=== Task material ===
Lemma ord_n_gt0 a : 0 < n.
Proof. exact: leq_ltn_trans (leq0n a) (ltn_ord a). Qed.

Definition cdist a b : nat := (b + n - a) %% n.

Lemma cdist_lt a b : cdist a b < n.
Proof. by rewrite ltn_mod (ord_n_gt0 a). Qed.

Lemma naddA a d1 d2 : nadd (nadd a d1) d2 = nadd a (d1 + d2).
Proof. by apply: val_inj; rewrite /= modnDml addnA. Qed.

Lemma nadd0 a : nadd a 0 = a.
Proof. by apply: val_inj; rewrite /= addn0 modn_small. Qed.

Lemma naddn a : nadd a n = a.
Proof. by apply: val_inj; rewrite /= modnDr modn_small. Qed.

Lemma nadd_modn a d : nadd a (d %% n) = nadd a d.
Proof. by apply: val_inj; rewrite /= modnDmr. Qed.

Lemma nadd_cdist a b : nadd a (cdist a b) = b.
Proof.
apply: val_inj; rewrite /= /cdist modnDmr.
have Ha := ltn_ord a; have Hb := ltn_ord b.
by rewrite addnC subnK ?modnDr ?modn_small //; lia.
Qed.

Lemma cdist_nadd a d : cdist a (nadd a d) = d %% n.
Proof.
have Ha := ltn_ord a.
rewrite /cdist /= -addnBA; last lia.
rewrite modnDml.
have -> : a + d + (n - a) = d + n by lia.
by rewrite modnDr.
Qed.

Lemma eq_nadd_cdist a b d : d < n -> (b == nadd a d) = (cdist a b == d).
Proof.
move=> Hd; apply/eqP/eqP => [->|<-]; first by rewrite cdist_nadd modn_small.
by rewrite nadd_cdist.
Qed.

Lemma cdistnn a : cdist a a = 0.
Proof. by rewrite -{2}(nadd0 a) cdist_nadd mod0n. Qed.

(* Going from [a] to [t] through [b] winds around the cycle at most once. *)
Lemma cdist_trans a b t :
  cdist a t = cdist a b + cdist b t \/ cdist a t + n = cdist a b + cdist b t.
Proof.
have -> : cdist a t = (cdist a b + cdist b t) %% n.
  by rewrite -{1}(nadd_cdist b t) -{1}(nadd_cdist a b) naddA cdist_nadd.
have := cdist_lt a b; have := cdist_lt b t.
case: (ltnP (cdist a b + cdist b t) n) => H *; first by left; rewrite modn_small.
right; rewrite -{1}(subnK H) modnDr modn_small; lia.
Qed.

Lemma nadd_inj a : injective (fun d : 'I_n => nadd a d).
Proof.
by move=> d1 d2 /(congr1 (cdist a)); rewrite !cdist_nadd !modn_small // => /val_inj.
Qed.

Lemma nsuccK : cancel (@nsucc n) (@npred n).
Proof.
move=> a; have := ord_n_gt0 a => Hn.
by rewrite /npred /nsucc naddA add1n prednK // naddn.
Qed.

Lemma npredK : cancel (@npred n) (@nsucc n).
Proof.
move=> a; have := ord_n_gt0 a => Hn.
by rewrite /npred /nsucc naddA addn1 prednK // naddn.
Qed.

Lemma npred_eq a b : (npred a == b) = (a == nsucc b).
Proof. by apply/eqP/eqP => [<-|->]; rewrite ?npredK ?nsuccK. Qed.

Lemma nadd_succ a d : nadd a d.+1 = nsucc (nadd a d).
Proof. by rewrite /nsucc naddA addn1. Qed.

Lemma cdist_nsucc a t : cdist a (nsucc t) = (cdist a t).+1 %% n.
Proof. by rewrite -{1}(nadd_cdist a t) -nadd_succ cdist_nadd. Qed.

Lemma cint_coE a d t : d < n -> cint_co a (nadd a d) t = (cdist a t < d).
Proof.
move=> Hd; rewrite /cint_co /cint_cc -/(cdist a t) -/(cdist a (nadd a d)).
by rewrite cdist_nadd modn_small // (eq_nadd_cdist _ _ Hd) ltn_neqAle andbC.
Qed.

Lemma big_nadd (R : Type) (idx : R) (op : Monoid.com_law idx) a (G : 'I_n -> R) :
  \big[op/idx]_(t : 'I_n) G t = \big[op/idx]_(d < n) G (nadd a d).
Proof. by rewrite (reindex_inj (@nadd_inj a)). Qed.

Lemma telescope_nadd (f g h : 'I_n -> nat) :
  (forall t, f (nsucc t) + g t = h t + f t) ->
  forall a K, f (nadd a K) + \sum_(d < K) g (nadd a d) = \sum_(d < K) h (nadd a d) + f a.
Proof.
move=> Hfgh a; elim=> [|K IH]; first by rewrite !big_ord0 nadd0 addn0.
rewrite (big_ord_recr K (fun d => g (nadd a d))) (big_ord_recr K (fun d => h (nadd a d))).
rewrite /= nadd_succ; move: IH.
set Sg := \sum_(d < K) g _; set Sh := \sum_(d < K) h _.
have := Hfgh (nadd a K); lia.
Qed.

Lemma card_window a (P : pred 'I_n) K : K <= n ->
  #|[pred j | P j && (cdist a j < K)]| = \sum_(d < K) P (nadd a d).
Proof.
move=> HK; rewrite -sum1_card big_mkcond (big_nadd _ a) /=.
rewrite (big_ord_widen n (fun d => P (nadd a d) : nat)) // [RHS]big_mkcond.
apply: eq_bigr => d _; rewrite inE cdist_nadd modn_small //.
by case: (P _); case: (d < K).
Qed.

Lemma sum_cdist_lt a K : K <= n -> \sum_(t : 'I_n) (cdist a t < K : nat) = K.
Proof.
move=> HK; rewrite (big_nadd _ a).
rewrite (eq_bigr (fun d : 'I_n => (d < K) : nat)); last first.
  by move=> d _; rewrite cdist_nadd modn_small.
by rewrite -big_mkcond /= -(big_ord_widen n (fun _ => 1)) // sum1_card card_ord.
Qed.

Lemma sum_ord_eq1 (j : 'I_n) : \sum_(t : 'I_n) ((t == j) : nat) = 1.
Proof. by rewrite -big_mkcond /= big_pred1_eq. Qed.

End CyclicLabels.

=== Aim of the task ===
Copy out each line of the data containing the string "naddn".

=== Worked solution ===
Lemma naddn a : nadd a n = a.
by rewrite /npred /nsucc naddA add1n prednK // naddn.
by rewrite /npred /nsucc naddA addn1 prednK // naddn.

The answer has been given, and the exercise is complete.